I put food in my mouth without really tasting it, drank my beer without getting the hit from the alcohol. Just going through the motions, more depressed than I’d ever been. My ex-wife was getting remarried, and I’d lost the only woman who actually gave a damn about me. Fucking sad, man.

How did my life end up like this?

Daisy took a drink of her beer before she released a sigh. “Dex, I seriously can’t stand seeing you like this.” She addressed the elephant in the room, unable to be easygoing about the whole thing.

“That makes two of us, sis.”

She shook her head as she looked at me.

“Why do you think I don’t want you to get your heart broken? It fucking sucks. No, you don’t just bounce back from it like nothing happened. It takes time, a really long time.”

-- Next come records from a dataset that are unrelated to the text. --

(* (Absolute concentration robustness of OmpR-P.) For the EnvZ/OmpR network described in the context and any positive values of $k_1,\dots,k_{15}$, at every steady state with $[\mathrm{EnvZ\text{-}ATP}]\neq0$ (in particular at every positive steady state) one has \[[\mathrm{OmpR\text{-}P}]=\frac{k_1k_3k_5(k_{11}+k_{12})(k_{14}+k_{15})}{k_1k_3k_{10}k_{12}(k_{14}+k_{15})+k_2k_{13}k_{15}(k_4+k_5)(k_{11}+k_{12})}.\] In particular this value depends only on the rate constants and not on the initial conditions or total amounts of EnvZ and OmpR.
   Context: The EnvZ/OmpR network has mass-action kinetics and reactions $\mathrm{EnvZ\text{-}ADP}\underset{k_2}{\overset{k_1}{\rightleftharpoons}}\mathrm{EnvZ}\underset{k_4}{\overset{k_3}{\rightleftharpoons}}\mathrm{EnvZ\text{-}ATP}\xrightarrow{k_5}\mathrm{EnvZ\text{-}P}$; $\mathrm{EnvZ\text{-}P}+\mathrm{OmpR}\underset{k_7}{\overset{k_6}{\rightleftharpoons}}\mathrm{EnvZ\text{-}P\text{-}OmpR}\underset{k_9}{\overset{k_8}{\rightleftharpoons}}\mathrm{EnvZ}+\mathrm{OmpR\text{-}P}$; $\mathrm{EnvZ\text{-}ATP}+\mathrm{OmpR\text{-}P}\underset{k_{11}}{\overset{k_{10}}{\rightleftharpoons}}\mathrm{EnvZ\text{-}ATP\text{-}OmpR\text{-}P}\xrightarrow{k_{12}}\mathrm{EnvZ\text{-}ATP}+\mathrm{OmpR}$; $\mathrm{EnvZ\text{-}ADP}+\mathrm{OmpR\text{-}P}\underset{k_{14}}{\overset{k_{13}}{\rightleftharpoons}}\mathrm{EnvZ\text{-}ADP\text{-}OmpR\text{-}P}\xrightarrow{k_{15}}\mathrm{EnvZ\text{-}ADP}+\mathrm{OmpR}$. Here each name denotes a chemical species (hyphenated names are single species, i.e. bound forms), square brackets denote concentrations, and a steady state is a nonnegative concentration vector at which all mass-action rates of change vanish. *)

From Stdlib Require Import Reals.
Open Scope R_scope.

Record conc := mkConc {
  XD : R;    (* [EnvZ-ADP] *)
  X : R;     (* [EnvZ] *)
  XT : R;    (* [EnvZ-ATP] *)
  XP : R;    (* [EnvZ-P] *)
  Y : R;     (* [OmpR] *)
  XPY : R;   (* [EnvZ-P-OmpR] *)
  YP : R;    (* [OmpR-P] *)
  XTYP : R;  (* [EnvZ-ATP-OmpR-P] *)
  XDYP : R   (* [EnvZ-ADP-OmpR-P] *)
}.

(* Rate constants k_1..k_15, indexed by nat (k 1, ..., k 15). *)
Definition rates := nat -> R.

Section Fluxes.
Variables (k : rates) (c : conc).
Definition r1  := k 1%nat * XD c.            (* EnvZ-ADP -> EnvZ *)
Definition r2  := k 2%nat * X c.             (* EnvZ -> EnvZ-ADP *)
Definition r3  := k 3%nat * X c.             (* EnvZ -> EnvZ-ATP *)
Definition r4  := k 4%nat * XT c.            (* EnvZ-ATP -> EnvZ *)
Definition r5  := k 5%nat * XT c.            (* EnvZ-ATP -> EnvZ-P *)
Definition r6  := k 6%nat * XP c * Y c.      (* EnvZ-P + OmpR -> EnvZ-P-OmpR *)
Definition r7  := k 7%nat * XPY c.           (* reverse *)
Definition r8  := k 8%nat * XPY c.           (* EnvZ-P-OmpR -> EnvZ + OmpR-P *)
Definition r9  := k 9%nat * X c * YP c.      (* reverse *)
Definition r10 := k 10%nat * XT c * YP c.    (* EnvZ-ATP + OmpR-P -> EnvZ-ATP-OmpR-P *)
Definition r11 := k 11%nat * XTYP c.         (* reverse *)
Definition r12 := k 12%nat * XTYP c.         (* EnvZ-ATP-OmpR-P -> EnvZ-ATP + OmpR *)
Definition r13 := k 13%nat * XD c * YP c.    (* EnvZ-ADP + OmpR-P -> EnvZ-ADP-OmpR-P *)
Definition r14 := k 14%nat * XDYP c.         (* reverse *)
Definition r15 := k 15%nat * XDYP c.         (* EnvZ-ADP-OmpR-P -> EnvZ-ADP + OmpR *)
End Fluxes.

Definition dXD k c   := r2 k c - r1 k c - r13 k c + r14 k c + r15 k c.
Definition dX k c    := r1 k c - r2 k c - r3 k c + r4 k c + r8 k c - r9 k c.
Definition dXT k c   := r3 k c - r4 k c - r5 k c - r10 k c + r11 k c + r12 k c.
Definition dXP k c   := r5 k c - r6 k c + r7 k c.
Definition dY k c    := - r6 k c + r7 k c + r12 k c + r15 k c.
Definition dXPY k c  := r6 k c - r7 k c - r8 k c + r9 k c.
Definition dYP k c   := r8 k c - r9 k c - r10 k c + r11 k c - r13 k c + r14 k c.
Definition dXTYP k c := r10 k c - r11 k c - r12 k c.
Definition dXDYP k c := r13 k c - r14 k c - r15 k c.

Definition nonneg (c : conc) : Prop :=
  0 <= XD c /\ 0 <= X c /\ 0 <= XT c /\ 0 <= XP c /\ 0 <= Y c /\
  0 <= XPY c /\ 0 <= YP c /\ 0 <= XTYP c /\ 0 <= XDYP c.

Definition steady_state (k : rates) (c : conc) : Prop :=
  nonneg c /\
  dXD k c = 0 /\ dX k c = 0 /\ dXT k c = 0 /\ dXP k c = 0 /\ dY k c = 0 /\
  dXPY k c = 0 /\ dYP k c = 0 /\ dXTYP k c = 0 /\ dXDYP k c = 0.

From Stdlib Require Import Reals Lra Lia.
Open Scope R_scope.

(* At a steady state, five relations between the concentrations follow
   from single species balances or sums of two of them:
     - complex balances:  (k11+k12)[XTYP] = k10[XT][YP],  (k14+k15)[XDYP] = k13[XD][YP];
     - EnvZ-ADP/EnvZ loop:  k1[XD] = k2[X];
     - EnvZ/EnvZ-ATP loop:  k3[X] = (k4+k5)[XT];
     - phosphate balance:  k5[XT] = k12[XTYP] + k15[XDYP]
       (phosphorylation of EnvZ equals dephosphorylation of OmpR-P).
   Substituting the first four into the fifth expresses every term as a
   multiple of [XT], giving  [XT] * ([YP] * D - N) = 0  with N, D the
   numerator and denominator of the claimed value.  Since D > 0 for
   positive rate constants, [XT] <> 0 yields [YP] = N / D. *)

Definition acr_num (k : rates) : R :=
  k 1%nat * k 3%nat * k 5%nat * (k 11%nat + k 12%nat) * (k 14%nat + k 15%nat).

Definition acr_den (k : rates) : R :=
  k 1%nat * k 3%nat * k 10%nat * k 12%nat * (k 14%nat + k 15%nat)
  + k 2%nat * k 13%nat * k 15%nat * (k 4%nat + k 5%nat) * (k 11%nat + k 12%nat).

Lemma acr_den_pos (k : rates) :
  (forall i : nat, (1 <= i <= 15)%nat -> 0 < k i) -> 0 < acr_den k.
Proof.
  intros Hk. unfold acr_den.
  apply Rplus_lt_0_compat; repeat apply Rmult_lt_0_compat;
    try apply Rplus_lt_0_compat; apply Hk; lia.
Qed.

Lemma XTYP_balance (k : rates) (c : conc) :
  dXTYP k c = 0 -> (k 11%nat + k 12%nat) * XTYP c = k 10%nat * XT c * YP c.
Proof. unfold dXTYP, r10, r11, r12. lra. Qed.

Lemma XDYP_balance (k : rates) (c : conc) :
  dXDYP k c = 0 -> (k 14%nat + k 15%nat) * XDYP c = k 13%nat * XD c * YP c.
Proof. unfold dXDYP, r13, r14, r15. lra. Qed.

(* EnvZ-ADP together with its OmpR-P complex: only r1 and r2 remain. *)
Lemma XD_X_balance (k : rates) (c : conc) :
  dXD k c = 0 -> dXDYP k c = 0 -> k 1%nat * XD c = k 2%nat * X c.
Proof. unfold dXD, dXDYP, r1, r2, r13, r14, r15. lra. Qed.

(* EnvZ-ATP together with its OmpR-P complex: only r3, r4, r5 remain. *)
Lemma X_XT_balance (k : rates) (c : conc) :
  dXT k c = 0 -> dXTYP k c = 0 -> k 3%nat * X c = (k 4%nat + k 5%nat) * XT c.
Proof. unfold dXT, dXTYP, r3, r4, r5, r10, r11, r12. lra. Qed.

(* Phosphate balance: dXP - dY = r5 - r12 - r15. *)
Lemma phosphate_balance (k : rates) (c : conc) :
  dXP k c = 0 -> dY k c = 0 ->
  k 5%nat * XT c = k 12%nat * XTYP c + k 15%nat * XDYP c.
Proof. unfold dXP, dY, r5, r6, r7, r12, r15. lra. Qed.

Lemma steady_state_acr_relation (k : rates) (c : conc) :
  steady_state k c -> XT c * (YP c * acr_den k - acr_num k) = 0.
Proof.
  intros [_ [eD [_ [eT [eP [eY [_ [_ [eTYP eDYP]]]]]]]]].
  assert (H1 := XTYP_balance k c eTYP).
  assert (H2 := XDYP_balance k c eDYP).
  assert (H3 := XD_X_balance k c eD eDYP).
  assert (H4 := X_XT_balance k c eT eTYP).
  assert (H5 := phosphate_balance k c eP eY).
  set (a := k 11%nat + k 12%nat) in *.
  set (b := k 14%nat + k 15%nat) in *.
  assert (E : XT c * (YP c * acr_den k - acr_num k) =
    - k 1%nat * k 3%nat * a * b
        * (k 5%nat * XT c - (k 12%nat * XTYP c + k 15%nat * XDYP c))
    - k 1%nat * k 3%nat * b * k 12%nat
        * (a * XTYP c - k 10%nat * XT c * YP c)
    - k 1%nat * k 3%nat * a * k 15%nat
        * (b * XDYP c - k 13%nat * XD c * YP c)
    - a * k 15%nat * k 13%nat * k 3%nat * YP c
        * (k 1%nat * XD c - k 2%nat * X c)
    - a * k 15%nat * k 13%nat * k 2%nat * YP c
        * (k 3%nat * X c - (k 4%nat + k 5%nat) * XT c)).
  { unfold acr_den, acr_num, a, b. ring. }
  rewrite E, H1, H2, H3, H4, H5. ring.
Qed.

Theorem mainTheorem6 (k : rates) (c : conc) :
  (forall i : nat, (1 <= i <= 15)%nat -> 0 < k i) ->
  steady_state k c ->
  XT c <> 0 ->
  YP c =
    (k 1%nat * k 3%nat * k 5%nat * (k 11%nat + k 12%nat) * (k 14%nat + k 15%nat)) /
    (k 1%nat * k 3%nat * k 10%nat * k 12%nat * (k 14%nat + k 15%nat)
     + k 2%nat * k 13%nat * k 15%nat * (k 4%nat + k 5%nat) * (k 11%nat + k 12%nat)).
Proof.
  intros Hk Hss HXT.
  change (YP c = acr_num k / acr_den k).
  assert (Hden := acr_den_pos k Hk).
  destruct (Rmult_integral _ _ (steady_state_acr_relation k c Hss))
    as [HXT0 | Hdefect]; [contradiction |].
  field_simplify_eq; lra.
Qed.
(* Let $R>1$, $\Omega=[-R,-1]\cup[1,R]\subset\mathbb{R}$, $h>0$, and for $x\in\mathbb{R}$ let $A_\Omega^{(h)}(x)=\int_\Omega\frac{h}{(y-x)^2+h^2}\,dy$. Then: (1) if $0<h<\sqrt{R+(R+1)\sqrt{R}}$, the maximizers of $A_\Omega^{(h)}$ over $\mathbb{R}$ are exactly the two points $$x_\pm=\pm\sqrt{\sqrt{R\left((R+1)^2+4h^2\right)}-(R+h^2)};$$ (2) if $h\ge\sqrt{R+(R+1)\sqrt{R}}$, then $x=0$ is the unique maximizer of $A_\Omega^{(h)}$ over $\mathbb{R}$. *)

From Stdlib Require Import Reals ClassicalEpsilon.
Open Scope R_scope.

(* Riemann integral of f over [a,b] as a total function: RiemannInt of
   (any) integrability witness when f is Riemann integrable on [a,b],
   and 0 otherwise. RiemannInt does not depend on the witness
   (RiemannInt_P5). *)
Definition Rint (f : R -> R) (a b : R) : R :=
  match excluded_middle_informative (inhabited (Riemann_integrable f a b)) with
  | left H => RiemannInt (epsilon H (fun _ => True))
  | right _ => 0
  end.

Definition A_Omega (Rr h x : R) : R :=
  Rint (fun y => h / ((y - x) ^ 2 + h ^ 2)) (- Rr) (-1)
  + Rint (fun y => h / ((y - x) ^ 2 + h ^ 2)) 1 Rr.

Definition is_maximizer (f : R -> R) (x : R) : Prop :=
  forall y : R, f y <= f x.

From Stdlib Require Import Reals Lra Psatz ClassicalEpsilon FunctionalExtensionality.
Open Scope R_scope.

(* Integrating the Poisson kernel, [A_Omega Rr h] is an even sum of four
   arctangents. Over a common denominator its derivative is
   [K x * x * (s - x^2)] with [K x > 0] and
   [s = sqrt (Rr * ((Rr + 1)^2 + 4 h^2)) - (Rr + h^2)], so on [0, +oo) it increases
   up to [sqrt s] and decreases afterwards when [s > 0], and decreases throughout
   when [s <= 0]; finally [s > 0] exactly when [h^2 < Rr + (Rr + 1) sqrt Rr]. *)

Lemma Rint_antiderivative (f G : R -> R) (a b : R) :
  a <= b -> continuity f -> (forall y, derivable_pt_lim G y (f y)) ->
  Rint f a b = G b - G a.
Proof.
  intros hab f_cont G_deriv.
  set (dG := fun y => exist _ (f y) (G_deriv y) : derivable_pt G y).
  assert (dG_f : derive G dG = f) by reflexivity.
  assert (dG_cont : continuity (derive G dG)) by (rewrite dG_f; exact f_cont).
  pose proof (@FTC_Riemann (mkC1 dG_cont) a b) as FTC; simpl in FTC.
  rewrite dG_f in FTC.
  unfold Rint; destruct excluded_middle_informative as [Hi | Hn].
  - apply FTC.
  - exfalso; apply Hn; constructor.
    apply continuity_implies_RiemannInt; auto.
Qed.

Lemma is_maximizer_iff_strict (f : R -> R) (m : R) (P : R -> Prop) :
  P m -> (forall y, P y -> f y = f m) -> (forall y, ~ P y -> f y < f m) ->
  forall x, is_maximizer f x <-> P x.
Proof.
  intros Pm f_P f_notP x; split.
  - intros x_max; destruct (classic (P x)) as [Px | nPx]; [exact Px|].
    specialize (x_max m); specialize (f_notP x nPx); lra.
  - intros Px y; rewrite (f_P x Px).
    destruct (classic (P y)) as [Py | nPy].
    + rewrite (f_P y Py); lra.
    + left; apply f_notP, nPy.
Qed.

Section EvenProfile.

Variables (f df : R -> R) (s : R).
Hypothesis f_even : forall x, f (- x) = f x.
Hypothesis f_deriv : forall x, derivable_pt_lim f x (df x).
Hypothesis df_pos : forall x, 0 < x -> x ^ 2 < s -> 0 < df x.
Hypothesis df_neg : forall x, 0 < x -> s < x ^ 2 -> df x < 0.

Lemma lt_of_deriv_pos (a b : R) : a < b -> (forall c, a < c < b -> 0 < df c) -> f a < f b.
Proof.
  intros hab df_ab.
  destruct (MVT_cor2 f df a b hab (fun c _ => f_deriv c)) as [c [mvt hc]].
  pose proof (df_ab c hc); nra.
Qed.

Lemma lt_of_deriv_neg (a b : R) : a < b -> (forall c, a < c < b -> df c < 0) -> f b < f a.
Proof.
  intros hab df_ab.
  destruct (MVT_cor2 f df a b hab (fun c _ => f_deriv c)) as [c [mvt hc]].
  pose proof (df_ab c hc); nra.
Qed.

Lemma lt_at_sqrt (y : R) : 0 < s -> 0 <= y -> y <> sqrt s -> f y < f (sqrt s).
Proof.
  intros s_pos y_ge0 y_ne.
  assert (sq : sqrt s * sqrt s = s) by (apply sqrt_sqrt; lra).
  pose proof (sqrt_lt_R0 s s_pos).
  destruct (Rlt_or_le y (sqrt s)) as [y_lt | y_ge].
  - apply lt_of_deriv_pos; [exact y_lt|]; intros c hc; apply df_pos; nra.
  - apply lt_of_deriv_neg; [lra|]; intros c hc; apply df_neg; nra.
Qed.

Lemma lt_at_0 (y : R) : s <= 0 -> y <> 0 -> f y < f 0.
Proof.
  intros s_le0 y_ne.
  assert (pos : forall z, 0 < z -> f z < f 0).
  { intros z hz; apply lt_of_deriv_neg; [exact hz|]; intros c hc; apply df_neg; nra. }
  destruct (Rlt_or_le 0 y) as [y_pos | y_le0]; [exact (pos y y_pos)|].
  rewrite <- f_even; apply pos; lra.
Qed.

Lemma is_maximizer_sqrt_iff : 0 < s ->
  forall x, is_maximizer f x <-> x = sqrt s \/ x = - sqrt s.
Proof.
  intros s_pos; apply (is_maximizer_iff_strict f (sqrt s)); [now left| |].
  - intros y [-> | ->]; [reflexivity | apply f_even].
  - intros y y_ne; destruct (Rle_or_lt 0 y) as [y_ge0 | y_neg].
    + apply lt_at_sqrt; [exact s_pos | exact y_ge0 | tauto].
    + rewrite <- f_even; apply lt_at_sqrt; [exact s_pos | lra |].
      intros E; apply y_ne; right; lra.
Qed.

Lemma is_maximizer_0_iff : s <= 0 -> forall x, is_maximizer f x <-> x = 0.
Proof.
  intros s_le0; apply (is_maximizer_iff_strict f 0); [reflexivity | now intros y -> |].
  intros y; apply lt_at_0, s_le0.
Qed.

End EvenProfile.

Definition poisson (h c x : R) : R := h / ((x - c) ^ 2 + h ^ 2).
Definition atan_shift (h c x : R) : R := atan ((x - c) / h).

Lemma poisson_den_pos (h c x : R) : 0 < h -> 0 < (x - c) ^ 2 + h ^ 2.
Proof. intros hh; pose proof (pow2_ge_0 (x - c)); pose proof (pow_lt h 2 hh); lra. Qed.

Lemma continuity_poisson (h c : R) : 0 < h -> continuity (poisson h c).
Proof.
  intros hh x; unfold poisson; reg.
  apply Rgt_not_eq, poisson_den_pos, hh.
Qed.

Lemma derivable_pt_lim_atan_shift (h c x : R) : 0 < h -> derivable_pt_lim (atan_shift h c) x (poisson h c x).
Proof.
  intros hh.
  assert (lin : derivable_pt_lim (fun y => (y - c) / h) x (/ h)).
  { replace (/ h) with ((1 - 0) / h) by (field; lra).
    apply (derivable_pt_lim_div_scal (id - fct_cte c)%F).
    apply derivable_pt_lim_minus; [apply derivable_pt_lim_id | apply derivable_pt_lim_const]. }
  pose proof (derivable_pt_lim_comp _ atan _ _ _ lin (derivable_pt_lim_atan ((x - c) / h))) as D.
  replace (poisson h c x) with (/ (1 + ((x - c) / h) ^ 2) * / h); [exact D|].
  unfold poisson; pose proof (poisson_den_pos h c x hh); field; split; lra.
Qed.

Lemma atan_shift_swap (h c x : R) : 0 < h -> atan_shift h c x = - atan_shift h x c.
Proof.
  intros hh; unfold atan_shift; rewrite <- atan_opp; f_equal; field; lra.
Qed.

Lemma atan_shift_opp (h c x : R) : 0 < h -> atan_shift h c (- x) = - atan_shift h (- c) x.
Proof.
  intros hh; unfold atan_shift; rewrite <- atan_opp; f_equal; field; lra.
Qed.

Definition A_closed (Rr h x : R) : R :=
  atan_shift h (- Rr) x - atan_shift h (-1) x + atan_shift h 1 x - atan_shift h Rr x.

Lemma A_Omega_closed (Rr h x : R) : 1 < Rr -> 0 < h -> A_Omega Rr h x = A_closed Rr h x.
Proof.
  intros hR hh; unfold A_Omega, A_closed.
  change (fun y => h / ((y - x) ^ 2 + h ^ 2)) with (poisson h x).
  assert (Int : forall a b, a <= b -> Rint (poisson h x) a b = atan_shift h x b - atan_shift h x a).
  { intros a b hab; apply Rint_antiderivative; auto using continuity_poisson.
    intro y; apply derivable_pt_lim_atan_shift, hh. }
  rewrite !Int by lra; rewrite !(atan_shift_swap h x) by exact hh; ring.
Qed.

Lemma A_closed_even (Rr h : R) : 0 < h -> forall x, A_closed Rr h (- x) = A_closed Rr h x.
Proof.
  intros hh x; unfold A_closed; rewrite !atan_shift_opp by exact hh.
  replace (- (-1)) with 1 by ring; replace (- (1)) with (-1) by ring.
  rewrite Ropp_involutive; ring.
Qed.

Definition dA_closed (Rr h x : R) : R :=
  poisson h (- Rr) x - poisson h (-1) x + poisson h 1 x - poisson h Rr x.

Lemma derivable_pt_lim_A_closed (Rr h : R) :
  0 < h -> forall x, derivable_pt_lim (A_closed Rr h) x (dA_closed Rr h x).
Proof.
  intros hh x.
  change (derivable_pt_lim
    (atan_shift h (- Rr) - atan_shift h (-1) + atan_shift h 1 - atan_shift h Rr)%F x (dA_closed Rr h x)).
  repeat (apply derivable_pt_lim_minus || apply derivable_pt_lim_plus);
    apply derivable_pt_lim_atan_shift, hh.
Qed.

Definition crit_sq (Rr h : R) : R := sqrt (Rr * ((Rr + 1) ^ 2 + 4 * h ^ 2)) - (Rr + h ^ 2).

(* Over the common denominator [P] the numerator is a quadratic [Q] in [x^2],
   and [Q = S^2 - (Rr + h^2 + x^2)^2] factors through [crit_sq Rr h - x^2]. *)
Lemma dA_closed_factor (Rr h x : R) : 1 < Rr -> 0 < h ->
  exists K, 0 < K /\ dA_closed Rr h x = K * x * (crit_sq Rr h - x ^ 2).
Proof.
  intros hR hh.
  set (S := sqrt (Rr * ((Rr + 1) ^ 2 + 4 * h ^ 2))).
  assert (S_sq : S * S = Rr * ((Rr + 1) ^ 2 + 4 * h ^ 2)).
  { apply sqrt_sqrt; pose proof (pow2_ge_0 (Rr + 1)); pose proof (pow2_ge_0 h); nra. }
  assert (S_ge0 : 0 <= S) by apply sqrt_pos.
  pose proof (poisson_den_pos h (-1) x hh); pose proof (poisson_den_pos h (- Rr) x hh).
  pose proof (poisson_den_pos h Rr x hh); pose proof (poisson_den_pos h 1 x hh).
  pose proof (pow2_ge_0 x); pose proof (pow_lt h 2 hh).
  set (P := ((x + 1) ^ 2 + h ^ 2) * ((x + Rr) ^ 2 + h ^ 2)
            * ((x - Rr) ^ 2 + h ^ 2) * ((x - 1) ^ 2 + h ^ 2)).
  assert (P_pos : 0 < P).
  { unfold P; replace (x + 1) with (x - -1) by ring; replace (x + Rr) with (x - - Rr) by ring.
    repeat apply Rmult_lt_0_compat; lra. }
  exists (4 * h * (Rr - 1) * (x ^ 2 + S + Rr + h ^ 2) / P); split.
  - apply Rdiv_lt_0_compat; [repeat apply Rmult_lt_0_compat|]; lra.
  - set (u := x ^ 2).
    set (Q := - u * u - 2 * u * (h ^ 2 + Rr) + (Rr ^ 3 + Rr * Rr + Rr + 2 * Rr * h ^ 2 - h ^ 4)).
    assert (Q_factor : Q = (crit_sq Rr h - u) * (u + S + Rr + h ^ 2)).
    { unfold crit_sq; fold S.
      transitivity (S * S - (Rr + h ^ 2 + u) ^ 2); [rewrite S_sq; unfold Q; ring | ring]. }
    transitivity (4 * h * (Rr - 1) * x * Q / P).
    + unfold dA_closed, poisson, Q, u, P.
      replace (x - -1) with (x + 1) by ring; replace (x - - Rr) with (x + Rr) by ring.
      field; repeat split; lra.
    + rewrite Q_factor; unfold u; field; lra.
Qed.

Lemma dA_closed_pos (Rr h : R) : 1 < Rr -> 0 < h ->
  forall x, 0 < x -> x ^ 2 < crit_sq Rr h -> 0 < dA_closed Rr h x.
Proof.
  intros hR hh x hx hlt; destruct (dA_closed_factor Rr h x hR hh) as [K [K_pos ->]].
  apply Rmult_lt_0_compat; [apply Rmult_lt_0_compat|]; lra.
Qed.

Lemma dA_closed_neg (Rr h : R) : 1 < Rr -> 0 < h ->
  forall x, 0 < x -> crit_sq Rr h < x ^ 2 -> dA_closed Rr h x < 0.
Proof.
  intros hR hh x hx hgt; destruct (dA_closed_factor Rr h x hR hh) as [K [K_pos ->]].
  assert (0 < K * x) by (apply Rmult_lt_0_compat; lra); nra.
Qed.

(* [Rr * (Rr + 1)^2 + 4 Rr h^2 - (Rr + h^2)^2 = Rr * (Rr + 1)^2 - (h^2 - Rr)^2],
   whose only sign change in [h^2 > 0] is at [h^2 = Rr + (Rr + 1) sqrt Rr]. *)
Lemma crit_sq_pos_iff (Rr h : R) : 1 < Rr -> 0 < h ->
  0 < crit_sq Rr h <-> h < sqrt (Rr + (Rr + 1) * sqrt Rr).
Proof.
  intros hR hh; unfold crit_sq.
  set (t := sqrt Rr); set (a := Rr + (Rr + 1) * t).
  set (S := sqrt (Rr * ((Rr + 1) ^ 2 + 4 * h ^ 2))).
  assert (t_sq : t * t = Rr) by (apply sqrt_sqrt; lra).
  assert (t_ge0 : 0 <= t) by apply sqrt_pos.
  assert (t_gt1 : 1 < t) by nra.
  assert (a_sq : sqrt a * sqrt a = a) by (apply sqrt_sqrt; unfold a; nra).
  assert (S_sq : S * S = Rr * ((Rr + 1) ^ 2 + 4 * h ^ 2)).
  { apply sqrt_sqrt; pose proof (pow2_ge_0 (Rr + 1)); pose proof (pow2_ge_0 h); nra. }
  pose proof (sqrt_pos a); assert (0 <= S) by apply sqrt_pos.
  assert (gap : S * S - (Rr + h ^ 2) ^ 2 = (a - h ^ 2) * ((Rr + 1) * t + h ^ 2 - Rr)).
  { rewrite S_sq; unfold a.
    transitivity ((Rr + 1) ^ 2 * (t * t) - (h ^ 2 - Rr) ^ 2); [rewrite t_sq | ]; ring. }
  assert (0 < (Rr + 1) * t + h ^ 2 - Rr) by (pose proof (pow2_ge_0 h); nra).
  split; intros Hs; assert (h ^ 2 < a) by nra; nra.
Qed.

Theorem mainTheorem8 (Rr h : R) (hR : 1 < Rr) (hh : 0 < h) :
  (h < sqrt (Rr + (Rr + 1) * sqrt Rr) ->
     forall x : R, is_maximizer (A_Omega Rr h) x <->
       (x = sqrt (sqrt (Rr * ((Rr + 1) ^ 2 + 4 * h ^ 2)) - (Rr + h ^ 2)) \/
        x = - sqrt (sqrt (Rr * ((Rr + 1) ^ 2 + 4 * h ^ 2)) - (Rr + h ^ 2))))
  /\
  (sqrt (Rr + (Rr + 1) * sqrt Rr) <= h ->
     forall x : R, is_maximizer (A_Omega Rr h) x <-> x = 0).
Proof.
  assert (A_eq : A_Omega Rr h = A_closed Rr h).
  { apply functional_extensionality; intro x; apply A_Omega_closed; assumption. }
  rewrite A_eq.
  pose proof (A_closed_even Rr h hh) as even.
  pose proof (derivable_pt_lim_A_closed Rr h hh) as deriv.
  pose proof (dA_closed_pos Rr h hR hh) as pos.
  pose proof (dA_closed_neg Rr h hR hh) as neg.
  pose proof (crit_sq_pos_iff Rr h hR hh) as crit.
  split; intros h_cmp.
  - apply (is_maximizer_sqrt_iff _ (dA_closed Rr h) (crit_sq Rr h)); auto.
    apply crit, h_cmp.
  - apply (is_maximizer_0_iff _ (dA_closed Rr h) (crit_sq Rr h)); auto.
    apply Rnot_lt_le; intros s_pos; apply crit in s_pos; lra.
Qed.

“I just don’t understand why you’re letting an old relationship ruin a new one. Sicily is the best.”

“I know.” I closed my eyes and inhaled a painful breath. “Trust me, I know. I miss her…a lot.”

“Then I don’t understand…”

“Because I’m literally empty inside, Daisy. I don’t want to be in a relationship again. I don’t want to ever feel anything again. And I sure as fuck never want to get married again.” I felt so much anger toward Catherine, unresolved rage. If I saw her in the flesh, I honestly didn’t know what I would do. I’d scream in her face until the veins in my neck popped. “I’m just…so angry, you know. I gave Catherine everything, literally everything, and then she does this to me. I loved her, really loved her, and I just can’t see myself feeling that way ever again. I’m not even going to try.”

“You’re not over her…” She released a sigh of disappointment.

I dropped my gaze, ashamed. “If you really love someone, you always love them. And if you ever stop, then you never loved them in the first place. I know I shouldn’t give a fuck about her after what she did to me, but it still hurts, and it should hurt. It’s only been a year and change. Who loves someone new within a year of a divorce? After being happily married? Nobody—unless they were never really happy in the first place. Well, I was happy. I was in that relationship fully, one hundred percent, would do anything for her. And then…” I shook my head. “I just haven’t been able to move on. If she cheated on me or betrayed me, I would have just let it go. But that’s not what happened, you know? This really traumatic and unusual circumstance hit us hard, and I can’t help but wonder if we’d still be together with a baby right now if that hadn’t happened. Yes, you can say that if Allen broke us, then we were never really strong in the first place, but I believe that nothing else would have broken us. We wouldn’t have been unfaithful. We wouldn’t have drifted apart. I believe that we would have stayed together forever if that had never happened. So how can anyone really expect me to be over that? How is she over it?”